Meteorite study suggests Mars' ancient atmosphere may be locked in its rocky terrainOctober 23rd, 2013 by Bob Yirka in Astronomy & Space / Space Exploration
False colour image with overlaid X-ray maps of Si (green), Fe (red) and Ca (blue). Carbonate (orange) is observed to replace the olivine (blue) which are both surrounded by veins of clay (green). Image widths 124 µm. Credit: SUERC, University of Glasgow
(Phys.org) —A team of researchers from the U.K. and the Netherlands has found evidence of carbonation in a meteorite that was found in the U.S. back in 1931—prior research has proven that the meteorite is actually a rock that was blown off the surface of Mars and landed on Earth approximately, 3000 years ago. This suggests, the researchers argue in their paper published in the journal Nature Communications, that Mars' long ago atmosphere may not have escaped as has been suggested, but may instead be locked in its surface.
Scientists believe that Mars once had a carbon dioxide rich atmosphere but it was mostly lost approximately three to four billion years ago. Why it was lost has remained a mystery—possibilities include problems with the planet's magnetic field, the solar wind, a strike by a massive foreign body, or according to the researchers with this new study, it may have simply been soaked up by the surface.

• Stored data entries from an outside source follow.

Lemma nat_above (r : R) : exists N : nat, r < INR N.
Proof.
  destruct (archimed r) as [H _]. exists (Z.to_nat (up r)).
  destruct (Z.le_gt_cases 0 (up r)) as [Hz|Hz].
  - now rewrite INR_IZR_INZ, Z2Nat.id.
  - apply IZR_lt in Hz. pose proof (pos_INR (Z.to_nat (up r))). lra.
Qed.

Lemma eventually_forall_le (P : nat -> nat -> Prop) D :
  (forall x, (x <= D)%nat -> exists M, forall M', (M <= M')%nat -> P x M') ->
  exists M, forall x, (x <= D)%nat -> forall M', (M <= M')%nat -> P x M'.
Proof.
  induction D as [|D IH]; intros H.
  - destruct (H 0%nat ltac:(lia)) as [M HM]. exists M. intros x Hx. now replace x with 0%nat by lia.
  - destruct IH as [M1 H1]; [intros; apply H; lia|].
    destruct (H (S D) ltac:(lia)) as [M2 H2]. exists (max M1 M2). intros x Hx M' HM'.
    destruct (Nat.eq_dec x (S D)) as [->|]; [apply H2 | apply H1]; lia.
Qed.

Lemma nonneg_series_bounded (a : nat -> R) B : (forall n, 0 <= a n) -> (forall N, sum_n a N <= B) ->
  ex_series a /\ Series a <= B.
Proof.
  intros Ha HB.
  assert (Hinc : forall n, sum_n a n <= sum_n a (S n)) by (intro n; rewrite sum_Sn_R; specialize (Ha (S n)); lra).
  destruct (ex_finite_lim_seq_incr _ B Hinc HB) as [l Hl].
  assert (Hs : is_series a l) by exact Hl.
  split; [now exists l|].
  rewrite (is_series_unique _ _ Hs).
  apply (is_lim_seq_le _ _ l B HB Hl (is_lim_seq_const B)).
Qed.

Lemma sum_n_le_Series (a : nat -> R) N : (forall n, 0 <= a n) -> ex_series a -> sum_n a N <= Series a.
Proof.
  intros Ha He. apply (is_lim_seq_incr_compare (sum_n a)); [exact (Series_correct _ He)|].
  intro n. rewrite sum_Sn_R. specialize (Ha (S n)). lra.
Qed.

Lemma Series_nonneg (a : nat -> R) : (forall n, 0 <= a n) -> ex_series a -> 0 <= Series a.
Proof. intros Ha He. pose proof (sum_n_le_Series a 0 Ha He). rewrite sum_O_R in H. specialize (Ha 0%nat). lra. Qed.

Lemma Series_finite_support (a : nat -> R) D : (forall n, (D < n)%nat -> a n = 0) ->
  ex_series a /\ Series a = sum_n a D.
Proof.
  intros H.
  assert (Hs : is_series a (sum_n a D)).
  { change (is_lim_seq (sum_n a) (sum_n a D)).
    apply (is_lim_seq_ext_loc (fun _ => sum_n a D)); [|apply is_lim_seq_const].
    exists D. intros n Hn. induction Hn as [|n Hn IH]; [reflexivity|].
    rewrite sum_Sn_R, H, <- IH by lia. symmetry. apply Rplus_0_r. }
  split; [eexists; eauto | now apply is_series_unique].
Qed.

Lemma Series_comparison (a b : nat -> R) : (forall n, 0 <= a n <= b n) -> ex_series b ->
  ex_series a /\ Series a <= Series b.
Proof.
  intros H Hb. split; [|now apply Series_le].
  apply (ex_series_le a b); auto. intro n. unfold norm. simpl. rewrite Rabs_pos_eq; apply H.
Qed.

Definition tail_from (T : nat) (a : nat -> R) : nat -> R := fun n => if (n <=? T)%nat then 0 else a n.

Lemma tail_from_nonneg T (a : nat -> R) : (forall n, 0 <= a n) -> forall n, 0 <= tail_from T a n.
Proof. intros Ha n. unfold tail_from. destruct (n <=? T)%nat; auto; lra. Qed.

Lemma Series_tail_small (a : nat -> R) eps : (forall n, 0 <= a n) -> ex_series a -> 0 < eps ->
  exists T, forall T', (T <= T')%nat -> Series (tail_from T' a) < eps.
Proof.
  intros Ha He Heps.
  assert (Hc : is_lim_seq (sum_n a) (Series a)) by exact (Series_correct _ He).
  apply is_lim_seq_spec in Hc.
  destruct (Hc (mkposreal (eps / 2) ltac:(lra))) as [T HT]. simpl in HT.
  exists T. intros T' HT'.
  assert (Hsplit : forall N, sum_n (tail_from T' a) N + sum_n a T' <= sum_n a (max N T')).
  { induction N as [|N IH].
    - rewrite sum_O_R. unfold tail_from. simpl. lra.
    - rewrite sum_Sn_R. unfold tail_from at 2. destruct (Nat.leb_spec (S N) T').
      + rewrite !Nat.max_r in * by lia. lra.
      + rewrite Nat.max_l by lia. rewrite Nat.max_l in IH by lia. rewrite sum_Sn_R. lra. }
  assert (Hb : forall N, sum_n (tail_from T' a) N <= Series a - sum_n a T').
  { intro N. pose proof (sum_n_le_Series a (max N T') Ha He). specialize (Hsplit N). lra. }
  destruct (nonneg_series_bounded _ _ (tail_from_nonneg T' a Ha) Hb) as [_ Hle].
  specialize (HT T' HT'). apply Rabs_def2 in HT. lra.
Qed.

Lemma Series_subsequence_le (a : nat -> R) (phi : nat -> nat) T : (forall n, 0 <= a n) -> ex_series a ->
  (forall k, (phi k < phi (S k))%nat) -> (T < phi 0)%nat ->
  ex_series (fun k => a (phi k)) /\ Series (fun k => a (phi k)) <= Series (tail_from T a).
Proof.
  intros Ha He Hphi HT. set (a' := tail_from T a).
  assert (Ha' : forall n, 0 <= a' n) by now apply tail_from_nonneg.
  assert (He' : ex_series a').
  { apply (Series_comparison a' a); auto. intro n. split; auto. unfold a', tail_from. destruct (n <=? T)%nat; auto; lra. }
  assert (Hphi_gt : forall k, (T < phi k)%nat) by (induction k; [|specialize (Hphi k)]; lia).
  assert (Heq : forall k, a (phi k) = a' (phi k)).
  { intro k. unfold a', tail_from. specialize (Hphi_gt k). destruct (Nat.leb_spec (phi k) T); [lia | reflexivity]. }
  assert (Hp : forall K, sum_n (fun k => a (phi k)) K <= sum_n a' (phi K)).
  { induction K as [|K IH].
    - rewrite sum_O_R, Heq. now apply sum_n_R_term_le.
    - rewrite sum_Sn_R, Heq.
      assert (Hgap : forall M, (phi K < M)%nat -> sum_n a' (phi K) + a' M <= sum_n a' M).
      { induction 1 as [|M _ IHM]; rewrite sum_Sn_R; [lra|]. pose proof (Ha' M). pose proof (Ha' (S M)). lra. }
      specialize (Hgap _ (Hphi K)). lra. }
  apply nonneg_series_bounded; [intro; auto|].
  intro K. eapply Rle_trans; [apply Hp | now apply sum_n_le_Series].
Qed.

Lemma Series_sum_n (G : nat -> nat -> R) K : (forall i, (i <= K)%nat -> ex_series (G i)) ->
  ex_series (fun n => sum_n (fun i => G i n) K) /\
  Series (fun n => sum_n (fun i => G i n) K) = sum_n (fun i => Series (G i)) K.
Proof.
  induction K as [|K IH]; intros H.
  - rewrite sum_O_R. split.
    + apply (ex_series_ext (G 0%nat)); [intro; now rewrite sum_O_R | apply H; lia].
    + apply Series_ext. intro n. apply sum_O_R.
  - destruct IH as [H1 H2]; [intros; apply H; lia|].
    assert (E : forall n, sum_n (fun i => G i n) (S K) = sum_n (fun i => G i n) K + G (S K) n)
      by (intro; apply sum_Sn_R).
    split.
    + apply (ex_series_ext _ _ (fun n => eq_sym (E n))).
      apply (ex_series_plus (V := R_NormedModule)); auto.
    + rewrite (Series_ext _ _ E), Series_plus, H2, sum_Sn_R; auto.
Qed.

The Mars rock, known as the Lafayette meteorite made its way to Earth after an explosive event caused massive amounts of rocky material to be ejected from Mars into space. The rock itself has been found to be approximately 1.3 billion years old, is basalt based and is believed to have been formed by a volcano on the red planet. But, the researchers contend, something happened to the rock between the time it was formed and the time it was blown into space—they've found that siderite formed in the rock (due to interactions with olivine and feldspar) likely due to carbonation—the process by which minerals absorb carbon dioxide in the presence of water. That suggests of course that carbon dioxide in the atmosphere was being pulled into rocks on the surface and also that there was water present. If such carbonation happened on a large enough scale, it could mean, the researchers suggest, that some or most of Mar's ancient atmosphere has been sequestered in its surface. They also note that learning how Mars lost its atmosphere could provide new insights into how Earth's atmosphere is maintained or how it could be disrupted by global warming due to greenhouse gas emissions.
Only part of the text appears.